• [EXERCISE]: Each line starting at the one that contains "From mathcomp Require Import wochoice lra." and ending at the one that contains "Lemma subset_countable T" must be returned exactly, and the rest of the listing is left out.

• [MATERIAL FOR THIS EXERCISE]:

(* Let $\mathbb{T}=\mathbb{R}/\mathbb{Z}$ with Haar probability measure $\mu$ and inner measure $\mu_*$. There exists a set $B\subset\mathbb{T}$ such that for all positive integers $m,n$, \[\sup_{F\subset B,\ F\text{ compact}}\mu(mF-nF)\neq\mu_*(mB-nB).\]
   Context: $\mu_*(S)=\sup\{\mu(K):K\subset S,\ K\text{ compact}\}$. $mB-nB=\{b_1+\dots+b_m-b_1'-\dots-b_n':b_i,b_j'\in B\}$. *)

From HB Require Import structures.
From mathcomp Require Import all_boot all_order all_algebra.
From mathcomp Require Import all_classical all_reals all_analysis.
Set Implicit Arguments. Unset Strict Implicit. Unset Printing Implicit Defensive.
Import Order.TTheory GRing.Theory Num.Theory.
Import numFieldNormedType.Exports.
Local Open Scope classical_set_scope.
Local Open Scope ring_scope.

(* The torus T = R/Z, realized as the unit circle in R x R via
   e t = (cos (2 pi t), sin (2 pi t)); e is a topological-group isomorphism
   from R/Z onto the circle (group law: e s * e t = e (s + t)). *)
Definition torus_e {R : realType} (t : R) : R * R :=
  (cos (2 * pi * t), sin (2 * pi * t)).

Definition torus {R : realType} : set (R * R) := range (@torus_e R).

Definition haarT {R : realType} (A : set (R * R)) : \bar R :=
  (@lebesgue_measure R) [set t : R | 0 <= t < 1 /\ A (torus_e t)].

Definition inner_haarT {R : realType} (S : set (R * R)) : \bar R :=
  ereal_sup [set haarT K | K in [set K : set (R * R) | K `<=` S /\ compact K]].

Definition sumdiffT {R : realType} (m n : nat) (A : set (R * R)) : set (R * R) :=
  [set x | exists (a : 'I_m -> R) (c : 'I_n -> R),
     (forall i, A (torus_e (a i))) /\ (forall j, A (torus_e (c j))) /\
     x = torus_e (\sum_(i < m) a i - \sum_(j < n) c j)].

(* Build B by transfinite recursion along a well-order of the Cantor space
   (of the size of the continuum) whose initial segments are all smaller than
   the continuum.  Stage x adds the angles b_x and b_x + t_x to B, where t_x
   runs over [1/4, 1/3]; as 0 is in B too, mB - nB contains the arc [1/4, 1/3]
   and has inner measure at least 1/12.  Stage x also looks at the x-th closed
   set G_x of angles: if G_x meets a half circle in continuum many points, it
   picks one, e_x, outside the fewer-than-continuum points put in B so far,
   and all later b_y avoid it.  Then B contains no uncountable compact set,
   because a closed uncountable set of reals contains a Cantor set; so for
   compact F in B, mF - nF is countable and null. *)
From HB Require Import structures.
From mathcomp Require Import all_boot all_order all_algebra.
From mathcomp Require Import all_classical all_reals all_analysis.
From mathcomp Require Import wochoice lra.
From Stdlib Require Import Inverse_Image.
Import Order.TTheory GRing.Theory Num.Theory.
Import numFieldNormedType.Exports.
Local Open Scope classical_set_scope.
Local Open Scope ring_scope.
Set Implicit Arguments. Unset Strict Implicit. Unset Printing Implicit Defensive.

Lemma subset_countable T (A B : set T) : A `<=` B -> countable B -> countable A.
Proof. by move=> AB; apply: sub_countable; exact: subset_card_le. Qed.

Lemma countable_setU T (A B : set T) :
  countable A -> countable B -> countable (A `|` B).
Proof.
move=> cA cB; have -> : A `|` B = \bigcup_(i in [set: bool]) (if i then A else B).
  apply/seteqP; split=> x; first by case=> h; [exists true | exists false].
  by case=> -[] _ h; [left | right].
by apply: bigcup_countable => [|[]]; first exact: countableP.
Qed.

Lemma countable_image T U (f : T -> U) (A : set T) :
  countable A -> countable (f @` A).
Proof. exact/sub_countable/card_image_le. Qed.

Lemma subsingleton_countable T (A : set T) :
  (forall x y, A x -> A y -> x = y) -> countable A.
Proof.
move=> A1; have [[x Ax]|A0] := pselect (exists x, A x).
  by apply: (subset_countable _ (countable1 x)) => y Ay; exact: A1.
by apply: (subset_countable _ (countable0 T)) => y Ay; apply: A0; exists y.
Qed.

Notation cantor := (nat -> bool).

Definition cantor_le {X : Type} (Z : set X) :=
  exists f : cantor -> X, injective f /\ range f `<=` Z.

Definition cantor_pair (a b : cantor) : cantor :=
  fun n => if odd n then b n./2 else a n./2.

Lemma cantor_pair_inj a b a' b' :
  cantor_pair a b = cantor_pair a' b' -> a = a' /\ b = b'.
Proof.
move=> e; split; apply: funext => n.
  by have := congr1 (fun c => c n.*2) e; rewrite /cantor_pair odd_double doubleK.
have := congr1 (fun c => c n.*2.+1) e.
by rewrite /cantor_pair /= odd_double /= uphalf_double.
Qed.

Section CantorLe.
Variable X : Type.
Implicit Types Z : set X.

Lemma cantor_le_sub Z Z' : Z `<=` Z' -> cantor_le Z -> cantor_le Z'.
Proof. by move=> ZZ' [f [fi fZ]]; exists f; split=> // x /fZ /ZZ'. Qed.

(* If no slice [b |-> f (a, b)] stays in Z2, choosing for each [a] a [b]
   with [f (a, b)] in Z1 embeds the Cantor space into Z1. *)
Lemma cantor_leU Z1 Z2 : cantor_le (Z1 `|` Z2) -> cantor_le Z1 \/ cantor_le Z2.
Proof.
move=> [f [fi fZ]].
have fZc c : (Z1 `|` Z2) (f c) := fZ _ (imageT f c).
have [[a Ha]|Hn] := pselect (exists a, forall b, Z2 (f (cantor_pair a b))).
  right; exists (fun b => f (cantor_pair a b)); split; last by move=> _ [b _ <-].
  by move=> b b' /fi /cantor_pair_inj[].
left; have /choice[g Hg] : forall a, exists b, Z1 (f (cantor_pair a b)).
  move=> a; apply: contrapT => Hna; apply: Hn; exists a => b.
  by case: (fZc (cantor_pair a b)) => // h; exfalso; apply: Hna; exists b.
exists (fun a => f (cantor_pair a (g a))); split; last by move=> _ [a _ <-].
by move=> a a' /fi /cantor_pair_inj[].
Qed.

Lemma cantor_le_set1 (p : X) : ~ cantor_le [set p].
Proof.
move=> [f [fi fZ]].
have fp c : f c = p := fZ _ (imageT f c).
have : (fun _ => false) = (fun _ => true) :> cantor by apply: fi; rewrite !fp.
by move/(congr1 (fun c : cantor => c 0%N)).
Qed.

Lemma cantor_le_image (Y : Type) (phi : X -> Y) Z :
  (forall x y, Z x -> Z y -> phi x = phi y -> x = y) ->
  cantor_le Z -> cantor_le (phi @` Z).
Proof.
move=> phi_inj [f [fi fZ]]; exists (phi \o f); split; last first.
  by move=> _ [c _ <-]; exists (f c) => //; apply: fZ; exists c.
by move=> a b /phi_inj e; apply: fi; apply: e; apply: fZ; [exists a | exists b].
Qed.

Lemma cantor_le_image_inv (Y : Type) (g : X -> Y) Z :
  cantor_le (g @` Z) -> cantor_le Z.
Proof.
move=> [f [fi fZ]].
have /choice[h Hh] : forall c, exists x, Z x /\ g x = f c.
  by move=> c; have [x Zx e] := fZ _ (imageT f c); exists x.
exists h; split; last by move=> _ [c _ <-]; case: (Hh c).
by move=> c c' e; apply: fi; rewrite -(Hh c).2 -(Hh c').2 e.
Qed.

End CantorLe.

Lemma wf_minimal (T : Type) (lt : T -> T -> Prop) (P : T -> Prop) x :
  well_founded lt -> P x -> exists z, P z /\ forall y, lt y z -> ~ P y.
Proof.
move=> wf; elim: (wf x) => {}x _ IH Px.
have [[y yx Py]|min] := pselect (exists2 y, lt y x & P y); first exact: IH yx Py.
by exists x; split=> // y yx Py; apply: min; exists y.
Qed.

Lemma exists_strict_wellorder (T : eqType) : exists lt : T -> T -> Prop,
  well_founded lt /\ forall x y, lt x y \/ x = y \/ lt y x.
Proof.
have [le le_wo] := well_ordering_principle T.
have le_chain : wo_chain le (mem T) by exact: withinW.
have le_total : total le by move=> x y; apply: (wo_chainW le_chain).
have le_anti : antisymmetric le by move=> x y; apply: (wo_chain_antisymmetric le_chain).
exists (fun x y => le x y /\ x <> y); split.
  move=> x; apply: contrapT => nacc.
  have ne : nonempty [pred y | `[< ~ Acc (fun x y => le x y /\ x <> y) y >]].
    by exists x; rewrite inE.
  have [z [[+ zmin] _]] := le_wo _ ne; rewrite inE; apply.
  constructor => y [le_yz yz]; apply: contrapT => nacc_y; apply: yz; apply: le_anti.
  by rewrite le_yz zmin // inE.
move=> x y; have [->|xy] := pselect (x = y); first by right; left.
case/orP: (le_total x y) => h; [left | right; right]; split=> // e; exact: xy.
Qed.

(* If some initial segment has the size of the continuum, pull the order back
   along an injection of the Cantor space into the least such segment. *)
Lemma exists_wellorder_small_segments : exists lt : cantor -> cantor -> Prop,
  [/\ well_founded lt, forall x y, lt x y \/ x = y \/ lt y x &
      forall x, ~ cantor_le [set y | lt y x]].
Proof.
have [lt [wf tri]] := exists_strict_wellorder cantor.
have [[x1 big]|small] := pselect (exists x, cantor_le [set y | lt y x]); last first.
  by exists lt; split=> // x bx; apply: small; exists x.
have [x0 [[iota [iota_inj iota_seg]] x0min]] :=
  wf_minimal (P := fun x => cantor_le [set y | lt y x]) wf big.
exists (fun a b => lt (iota a) (iota b)); split.
- exact: wf_inverse_image.
- move=> a b; case: (tri (iota a) (iota b)) => [|[/iota_inj|]]; tauto.
- move=> a ba; apply: (x0min (iota a)); first by apply: iota_seg; exists a.
  apply: cantor_le_sub (cantor_le_image (phi := iota) _ ba); first by move=> _ [y ? <-].
  by move=> y y' _ _ /iota_inj.
Qed.

Section CantorScheme.
Variables (R : realType) (Q : set R) (q0 : R).

(* A ball [(q, r)] with [q] in [Q] splits into the disjoint closed balls
   [(q', d/3)] and [(q, d/3)], where [q'] is a point of [Q] at distance
   [d < r/2] from [q]; the branches of this tree shrink to distinct points of
   the closure of [Q]. *)
Definition near_point (q e : R) : R :=
  get [set q' | Q q' /\ q' != q /\ `|q - q'| < e].

Definition split_ball (s : R * R) (b : bool) : R * R :=
  let q' := near_point s.1 (s.2 / 2) in let d := `|s.1 - q'| in
  if b then (q', d / 3) else (s.1, d / 3).

Fixpoint scheme_ball (c : cantor) (n : nat) : R * R :=
  if n is n'.+1 then split_ball (scheme_ball c n') (c n') else (q0, 1).

Definition scheme_low (c : cantor) (n : nat) : R :=
  (scheme_ball c n).1 - (scheme_ball c n).2.

Definition scheme_point (c : cantor) : R := sup (range (scheme_low c)).

Hypothesis Qq0 : Q q0.
Hypothesis Q_without_isolated : forall q, Q q -> forall e, 0 < e ->
  exists q', Q q' /\ q' != q /\ `|q - q'| < e.

Lemma near_pointP s : Q s.1 -> 0 < s.2 ->
  let q' := near_point s.1 (s.2 / 2) in Q q' /\ q' != s.1 /\ `|s.1 - q'| < s.2 / 2.
Proof.
move=> Qs s2_gt0; have r_gt0 : 0 < s.2 / 2 by rewrite divr_gt0.
exact: (xgetPex point (Q_without_isolated Qs r_gt0)).
Qed.

Lemma split_ballP s b : Q s.1 -> 0 < s.2 ->
  [/\ Q (split_ball s b).1, 0 < (split_ball s b).2,
      (split_ball s b).2 <= s.2 / 2 &
      forall x, `|x - (split_ball s b).1| <= (split_ball s b).2 ->
        `|x - s.1| <= s.2].
Proof.
move=> Qs s2_gt0; have [Qq' [q'_neq q'_near]] := near_pointP Qs s2_gt0.
rewrite /split_ball; set q' := near_point _ _ in Qq' q'_neq q'_near *.
have d_gt0 : 0 < `|s.1 - q'| by rewrite normr_gt0 subr_eq0 eq_sym.
case: b => /=; split=> //; rewrite ?divr_gt0 //; try lra.
- move=> x hx; have := ler_distD q' x s.1.
  by rewrite [`|q' - s.1|]distrC; lra.
- by move=> x hx; lra.
Qed.
Lemma finite_constraints_solvable (l : list constraint) :
  (forall k, In k l -> admissible k) ->
  exists lam : fml M -> R, unit_valued lam /\
    forall k, In k l -> solves lam (equation k).
Proof.
  intros Hl.
  assert (Hla : forall a, In a (flat_map marginals_x l) -> in_L M x C a).
  { intros a Ha. apply in_flat_map in Ha. destruct Ha as [k [Hk Ha]].
    specialize (Hl k Hk). destruct k; simpl in Ha; try contradiction.
    destruct Ha as [<-|[]]. exact Hl. }
  assert (Hlb : forall b, In b (flat_map marginals_y l) -> in_L M y C b).
  { intros b Hb. apply in_flat_map in Hb. destruct Hb as [k [Hk Hb]].
    specialize (Hl k Hk). destruct k; simpl in Hb; try contradiction.
    destruct Hb as [<-|[]]. exact Hl. }
  destruct (keisler_discretize M x C mu Hmu _ Hla) as [dl1 [Hdl1 Hmu1]].
  destruct (keisler_discretize M y C nu Hnu _ Hlb) as [dl2 [Hdl2 Hnu2]].
  pose proof (dprod_is_dist M x dl1 dl2 Hdl1 Hdl2) as Hdl.
  exists (dmeasure M (dprod M x dl1 dl2)). split.
  - intros p. apply dmeasure_bounds, Hdl.
  - intros k Hk. apply solves_of_coupling; auto using dmeasure_keisler.
    + intros a Ha.
      assert (Ha' : In a (flat_map marginals_x l)) by (apply in_flat_map; eauto).
      unfold pi_x. rewrite dmeasure_dprod_left; [auto|exact Hdl2|apply (Hla a Ha')].
    + intros b Hb.
      assert (Hb' : In b (flat_map marginals_y l)) by (apply in_flat_map; eauto).
      unfold pi_y.
      rewrite (dmeasure_dprod_right M x y); [auto|exact Hdl1|exact Hxy|apply (Hlb b Hb')].
Qed.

• [WRITTEN ANSWER]:
From mathcomp Require Import wochoice lra.
From Stdlib Require Import Inverse_Image.
Import Order.TTheory GRing.Theory Num.Theory.
Import numFieldNormedType.Exports.
Local Open Scope classical_set_scope.
Local Open Scope ring_scope.
Set Implicit Arguments. Unset Strict Implicit. Unset Printing Implicit Defensive.

Lemma subset_countable T (A B : set T) : A `<=` B -> countable B -> countable A.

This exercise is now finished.